How will the 'fiscal cliff' affect economic growth?
Many fear the combination of tax increases and spending cuts will have severe negative economic consequences come Jan. 1. A report issued by the nonpartisan Congressional Budget Office - "Economic Effects of Reducing the Fiscal Restraint That is Scheduled to Occur in 2013," issued in May 2012 - says, "Taken as a whole, the tax increases and spending reductions will reduce the federal budget deficit by 5.1 percent of `gross domestic product' between calendar years 2012 and 2013."
CBO projects that under these fiscal conditions, the economy would contract during the first half of 2013 and we likely will experience another recession.
Result of 2013 fiscal restraint: CBO estimates the combination of policies under current law will reduce the federal budget deficit by $607 billion, or 4.0 percent of gross domestic product (GDP), between fiscal years 2012 and 2013. The resulting weakening of the economy will lower taxable incomes and raise unemployment, generating a reduction in tax revenues and an increase in spending on such items as unemployment insurance.
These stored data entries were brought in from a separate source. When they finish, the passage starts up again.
Lemma halfintD1 (R : realFieldType) k : halfint k + 1 = halfint (k + 1) :> R.
Proof. by rewrite /halfint intrD /=; ring. Qed.

Lemma halfint_natB (R : realFieldType) (m n : nat) :
  halfint (m%:Z - n%:Z) = m%:R - n%:R + 1 / 2 :> R.
Proof. by rewrite /halfint intrB. Qed.

Lemma halfintN1 (R : realFieldType) : halfint (-1) = - (1 / 2) :> R.
Proof. by rewrite /halfint rmorphN1; lra. Qed.

Lemma rising_halfint_neq0 (R : realFieldType) k n : rising (halfint k) n != 0 :> R.
Proof. by apply/prodf_neq0 => i _; rewrite halfintDn halfint_neq0. Qed.

Section GammaHalfInteger.
Variable R : realType.

Lemma is_cvgn_gamma_seq_halfint k : cvgn (gamma_seq (halfint k : R)).
Proof.
elim/int_rect: k => [|n IH|n IH].
- by rewrite /halfint add0r; exact: is_cvgn_gamma_seq_half.
- rewrite -addn1 PoszD -halfintD1.
  exact/(is_cvgn_gamma_seqD1 (halfint_neq0 R n)).1.
- apply/(is_cvgn_gamma_seqD1 (halfint_neq0 R _)).2; rewrite halfintD1.
  by have -> : (- (n.+1 : int) + 1 = - (n : int))%R by rewrite -addn1 PoszD; ring.
Qed.

Lemma Gamma_halfintD1 k :
  Gamma (halfint (k + 1) : R) = halfint k * Gamma (halfint k).
Proof. by rewrite -halfintD1 GammaD1 ?halfint_neq0 //; exact: is_cvgn_gamma_seq_halfint. Qed.

Lemma Gamma_halfint_neq0 k : Gamma (halfint k : R) != 0.
Proof.
elim/int_rect: k => [|n IH|n IH].
- by rewrite /halfint add0r; apply: lt0r_neq0; exact: Gamma_half_gt0.
- by rewrite -addn1 PoszD Gamma_halfintD1 mulf_neq0 // halfint_neq0.
- move: IH; have -> : (- (n : int) = - (n.+1 : int) + 1)%R.
    by rewrite -addn1 PoszD; ring.
  by rewrite Gamma_halfintD1 mulf_eq0 negb_or => /andP [].
Qed.

Lemma Gamma_halfintDn k n :
  Gamma (halfint k + n%:R : R) = rising (halfint k) n * Gamma (halfint k).
Proof.
elim: n => [|n IH]; first by rewrite addr0 /rising big_ord0 mul1r.
by rewrite risingS -natr1 addrA halfintDn halfintD1 Gamma_halfintD1 -halfintDn IH; ring.
Qed.

End GammaHalfInteger.

Lemma horner_prod_XsubC (R : comNzRingType) (I : finType) (P : pred I) (x : I -> R) t :
  (\prod_(j | P j) ('X - (x j)%:P)).[t] = \prod_(j | P j) (t - x j).
Proof. by rewrite horner_prod; apply: eq_bigr => j _; rewrite hornerXsubC. Qed.

Lemma partial_fractions (K : fieldType) n (x : nat -> K) (Q : {poly K}) t :
  (0 < n)%N -> injective x -> (size Q <= n)%N -> (forall j : 'I_n, t != x j) ->
  Q.[t] / \prod_(j < n) (t - x j)
    = \sum_(i < n) Q.[x i] / (\prod_(j < n | j != i) (x i - x j) * (t - x i)).
Proof.
move=> n_gt0 x_inj sQ tx.
rewrite [in LHS](lagrange_gen n_gt0 x_inj sQ) horner_sum mulr_suml.
apply: eq_bigr => i _.
rewrite (lagrangeE n_gt0 x_inj) /= !hornerCM !horner_prod_XsubC.
rewrite [\prod_(j < n) _](bigD1 i) //=.
have P_neq0 : \prod_(j < n | j != i) (t - x j) != 0.
  by apply/prodf_neq0 => j _; rewrite subr_eq0.
have D_neq0 : \prod_(j < n | j != i) (x i - x j) != 0.
  by apply/prodf_neq0 => j ji; rewrite subr_eq0 (inj_eq x_inj) eq_sym.
have ti : t - x i != 0 by rewrite subr_eq0.
by field; rewrite P_neq0 D_neq0 ti.
Qed.

Lemma prod_natB (R : comPzRingType) n : \prod_(s < n) (n%:R - s%:R : R) = n`!%:R.
Proof.
elim: n => [|n IH]; first by rewrite big_ord0.
rewrite big_ord_recl subr0 factS natrM; congr (_ * _).
by rewrite -IH; apply: eq_bigr => s _; rewrite /= /bump /= -!natr1; ring.
Qed.

Lemma prod_natB_neq (R : comPzRingType) n (r : 'I_n.+1) :
  \prod_(s < n.+1 | s != r) (r%:R - s%:R : R)
  = (-1) ^+ (n - r) * (r`! * (n - r)`!)%:R.
Proof.
under eq_bigl => s do rewrite -(inj_eq val_inj).
case: r => r /=; rewrite ltnS => /subnKC <-; rewrite addKn.
elim: (n - r)%N => [|m IH].
  rewrite addn0 big_mkcond big_ord_recr /= eqxx mulr1 fact0 muln1 expr0 mul1r.
  rewrite -prod_natB; apply: eq_bigr => s _.
  by rewrite /= (ltn_eqF (ltn_ord s)).
rewrite addnS big_mkcond big_ord_recr /= -big_mkcond /= IH.
rewrite gtn_eqF ?ltnS ?leq_addr //=.
by rewrite exprS factS !natrM -natr1 natrD; ring.
Qed.

Section SimpleFractions.
Variables (R : realType) (nu : nat).

Definition Acoef (r : nat) : R :=
  (-1) ^+ r * rising (- (3 / 2) : R) r * Gamma ((2 * nu)%:R + 1 / 2 - r%:R)
  / (r`!%:R * (nu - r)`!%:R * Gamma (r%:R - 1 / 2) * Gamma (nu%:R - r%:R + 1 / 2)).

Definition node (r : nat) : R := - (3 / 2) + r%:R.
With that economic feedback incorporated, the deficit will drop by $560 billion between fiscal years 2012 and 2013, CBO projects.
Which calendar: If measured for calendar years 2012 and 2013, the amount of fiscal restraint is even larger. Most of the policy changes that reduce the deficit are scheduled to take effect at the beginning of calendar year 2013, so budget figures for fiscal year 2013, beginning in October 2012, reflect only about three-quarters of the effects of those policies on an annual basis.
CBO's estimates show the tax and spending policies going into effect under current law will reduce the federal budget deficit by 5.1 percent of GDP between calendar years 2012 and 2013 (with the resulting economic feedback included, the reduction will be smaller).
Read the report at tulsaworld.com/CBOfinancialprecipice
"If Washington does not agree on a solution to these tax increases and spending cuts, the economy could tip into recession," said Kraig McFarland, Raymond James. "Right now the economy has been growing at a rate of 1.5 percent. If all the tax increases and spending cuts take effect, we will likely see the GDP contract by about 3.6 percent, meaning the U.S. economy would be in recession."